Moneybox

38 Applications Per Job Vacancy at D.C.’s Walmarts

People want these jobs.

Photo by Daniel Aguilar/Getty Images

Two new Walmarts are opening in the District of Columbia on Dec. 4, creating job openings for 600 new associates. Everyone knows Walmart isn’t the best place to work, but NBC Washington reports that there have been over 23,000 applications for those 600 jobs.

There have been a lot of stories over the past five years about the growing prosperity of the Washington, D.C., metropolitan area. But when you’re talking about a city’s economy, it’s important to distinguish between two kinds of job growth. One, which D.C. has had in spades, is the kind of thing where firms in the area want to hire lots of skilled workers at high wages leading to an influx of new affluent people. Another is a scenario where the people who are already living in the city get hired for relatively low-skilled service sector jobs and eventually the local labor market gets tight enough that wages have to rise for people to find positions. The D.C. area has had some of this latter form of job growth (especially relative to the truly bleak job markets prevailing in many parts of the country) but not nearly enough.
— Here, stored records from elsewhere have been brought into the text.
Definition gp_rev (g : GPath U) : GPath U.
Proof.
  refine (@Build_GPath X U (gp_end g) (gp_start g) (fun E => prev (gp_rep g E)) _ _).
  - intros E HE. destruct (gp_is_path g E HE) as [Cg [g0 g1]].
    split; [apply cont_path_rev; auto|]. rewrite prev_0, prev_1; auto.
  - intros E F HE HF HFE. apply homotopic_rev, (gp_compat g); auto.
Defined.

Lemma gp_rev_short E (g : GPath U) : ent U E -> F_short g E -> F_short (gp_rev g) E.
Proof.
  intros HE [Hxy Hhom]. split; simpl.
  - apply (ent_sym U E HE); auto.
  - rewrite <- prev_edge. apply homotopic_rev; auto.
Qed.

Lemma Fstar_append_short F (c e : GPath U) (Hce : gp_end c = gp_start e) :
  ent U F -> F_short e F -> Fstar F c (gp_concat c e Hce).
Proof.
  intros HF [Fxy Hsh]. unfold Fstar, E_homotopic; simpl.
  destruct (gp_is_path c F HF) as [Cc [c0 c1]]. destruct (gp_is_path e F HF) as [Ce [e0 e1]].
  set (x0 := gp_start c) in *. set (x := gp_end c) in *. set (y := gp_end e) in *.
  rewrite <- Hce in *. set (cF := gp_rep c F) in *. set (eF := gp_rep e F) in *.
  split; [apply (ent_refl U F HF)| split; [exact Fxy|]].
  assert (Cxy : cont_path F (edge x y)) by (apply cont_path_edge_ent; auto).
  assert (Cyx : cont_path F (edge y x)) by (apply cont_path_edge_ent, (ent_sym U F HF); auto).
  assert (Ccxy : cont_path F (concat cF (edge x y))).
  { apply cont_path_concat; auto. rewrite edge_0; auto. }
  apply homotopic_sym. rewrite edge_same.
  (* e(x0,x0) . ((c . e) . e(y,x))  ~  (c . e(x,y)) . e(y,x) *)
  eapply homotopic_trans.
  { apply concat_const_l; [|rewrite !concat_0; auto].
    apply cont_path_concat; [apply cont_path_concat; auto; congruence | auto |].
    rewrite concat_1, edge_0; auto. }
  eapply homotopic_trans.
  { apply homotopic_concat; [apply homotopic_concat; [apply homotopic_refl; auto | exact Hsh | congruence]
                            | apply homotopic_refl; auto |].
    rewrite concat_1, edge_0; auto. }
  (*  ~  c . (e(x,y) . e(y,x))  ~  c . const_x  ~  c *)
  eapply homotopic_trans; [apply concat_assoc; auto; rewrite ?edge_0, ?edge_1; auto|].
  eapply homotopic_trans.
  { apply homotopic_concat; [apply homotopic_refl; auto | rewrite <- (prev_edge x y); apply concat_rev_r; auto |].
    rewrite concat_0, edge_0; auto. }
  rewrite edge_0. apply concat_const_r; auto.
Qed.

Lemma gp_rev_concat_short E (c d : GPath U) (Hcd : gp_end (gp_rev c) = gp_start d) :
  ent U E -> gp_start c = gp_start d -> Fstar E d c -> F_short (gp_concat (gp_rev c) d Hcd) E.
Proof.
  intros HE Hs [_ [Hyx HH]]. split; simpl; [apply (ent_sym U E HE); auto|].
  destruct (gp_is_path c E HE) as [Cc [c0 c1]]. destruct (gp_is_path d E HE) as [Cd [d0 d1]].
  set (cE := gp_rep c E) in *. set (dE := gp_rep d E) in *.
  set (x := gp_end c) in *. set (y := gp_end d) in *.
  rewrite Hs, edge_same in HH.
  assert (Cxy : cont_path E (edge x y)) by (apply cont_path_edge_ent, (ent_sym U E HE); auto).
  assert (Cce : cont_path E (concat cE (edge x y))).
  { apply cont_path_concat; auto. rewrite edge_0; auto. }
  (* c^-1 . d  ~  c^-1 . (const . (c . e(x,y)))  ~  c^-1 . (c . e(x,y)) *)
  eapply homotopic_trans.
  { apply homotopic_concat; [apply homotopic_refl, cont_path_rev; auto | exact HH |].
    rewrite prev_1; congruence. }
  eapply homotopic_trans.
  { apply homotopic_concat; [apply homotopic_refl, cont_path_rev; auto | apply concat_const_l; auto |].
    - rewrite concat_0, c0, Hs; reflexivity.
    - rewrite prev_1, concat_0, c0, Hs; reflexivity. }
  (*  ~  (c^-1 . c) . e(x,y)  ~  const . e(x,y)  ~  e(x,y) *)
  eapply homotopic_trans.
  { apply homotopic_sym, concat_assoc; auto.
    - apply cont_path_rev; auto.
    - rewrite prev_1; auto.
    - rewrite edge_0; auto. }
  eapply homotopic_trans.
  { apply homotopic_concat; [apply concat_rev_l; auto | apply homotopic_refl; auto |].
    rewrite concat_1, edge_0; auto. }
  rewrite c1. apply concat_const_l; auto. rewrite edge_0; auto.
Qed.

End GeneralizedPaths.

(** ** The end-point map GP(X,x0) -> X *)
Section EndPointMap.
Variable X : Type.
Variable U : Uniformity X.

Definition Fstar_sym (x0 : X) (F : X -> X -> Prop) : GP0 U x0 -> GP0 U x0 -> Prop :=
  fun a b => a = b \/ Fstar F (proj1_sig a) (proj1_sig b) \/ Fstar F (proj1_sig b) (proj1_sig a).
Arguments Fstar_sym : clear implicits.

Lemma Fstar_sym_ent x0 F : ent U F -> ent_GP0 (Fstar_sym x0 F).
Proof.
  intros HF. split; [intros a; left; auto| split].
  - intros a b [H|[H|H]]; unfold Fstar_sym; auto.
  - exists F; split; auto. intros a b H; right; left; auto.
Qed.

(** The projection of D* is contained in D: D-homotopic paths have
    D-close end points. *)
Lemma piX_image_Fstar_sym x0 D a b :
  ent U D -> rel_image (@piX X U x0) (Fstar_sym x0 D) a b -> D a b.
Proof.
  intros HD [c [d [[H|[[_ [H _]]|[_ [H _]]]] [<- <-]]]]; unfold piX.
  - subst d; apply (ent_refl U D HD).
  - exact H.
  - apply (ent_sym U D HD); exact H.
Qed.

(** In a chain connected, uniformly joinable space every point is the end
    point of a generalized path from x0: follow a chain of joinable steps. *)
Lemma gp_from_basepoint (Hcc : chain_connected U) x0 :
  uniformly_joinable U -> forall x, exists c : GPath U, gp_start c = x0 /\ gp_end c = x.
Proof.
  intros UJ x. destruct (UJ _ (ent_full U)) as [G [HG HGjoin]].
  destruct (Hcc G HG x0 x) as [n [f [f0 [fn Hf]]]].
  assert (Hreach : forall i, (i <= n)%nat -> exists c : GPath U, gp_start c = x0 /\ gp_end c = f i).
  { induction i as [|i IH]; intros Hi.
    - exists (gp_const U x0); simpl; auto.
    - destruct IH as [c [c1 c2]]; [lia|].
      destruct (HGjoin _ _ (Hf i ltac:(lia))) as [e [e1 [e2 _]]].
      assert (Hce : gp_end c = gp_start e) by congruence.
      exists (gp_concat c e Hce); simpl; auto. }
  destruct (Hreach n (le_n n)) as [c [c1 c2]]. exists c; split; congruence.
Qed.

(** Under uniform joinability, the image of every entourage Q of GP(X,x0)
    is an entourage of X: if Q contains F* and G is the joinability
    entourage for F, then (x,y) in G is the image of (c, c.e) with e
    F-short, and (c, c.e) in F*. *)
Lemma piX_image_ent x0 Q : uniformly_joinable U ->
  (forall x, exists a : GP0 U x0, piX a = x) -> ent_GP0 Q -> ent U (rel_image (@piX X U x0) Q).
Proof.
  intros UJ Surj [Qrefl [Qsym [F [HF HQ]]]]. destruct (UJ F HF) as [G [HG HGjoin]].
  apply (ent_super U G _ HG).
  - intros x y Gxy. destruct (Surj x) as [[c Hc] Hcx]. unfold piX in Hcx; simpl in Hcx.
    destruct (HGjoin x y Gxy) as [e [Hes [Hee Hshort]]].
    assert (Hce : gp_end c = gp_start e) by congruence.
    assert (Hd : gp_start (gp_concat c e Hce) = x0) by (simpl; auto).
    exists (exist (fun g => gp_start g = x0) c Hc), (exist (fun g => gp_start g = x0) _ Hd). unfold piX; simpl. split; [|auto].
    apply HQ, Fstar_append_short; auto.
  - intros x. destruct (Surj x) as [a Ha]. exists a, a; auto.
  - intros x y [a [b [H [H1 H2]]]]. exists b, a; auto.
Qed.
That’s the moral of the story with these Walmart job openings. To create rising employment and incomes for the many working class people in the area, you need two, three, many Walmarts. And you need new restaurants and new taxis and new hotels and new hospitals and new construction projects. These aren’t the “good jobs” in information technology and biotech that civic officials fantasize about, but the people who are really in need simply aren’t qualified for the fanciest jobs around. They need regular jobs. And they need enough of them so they can bargain for better wages and working conditions rather than being fearful of returning to the ranks of the unemployed.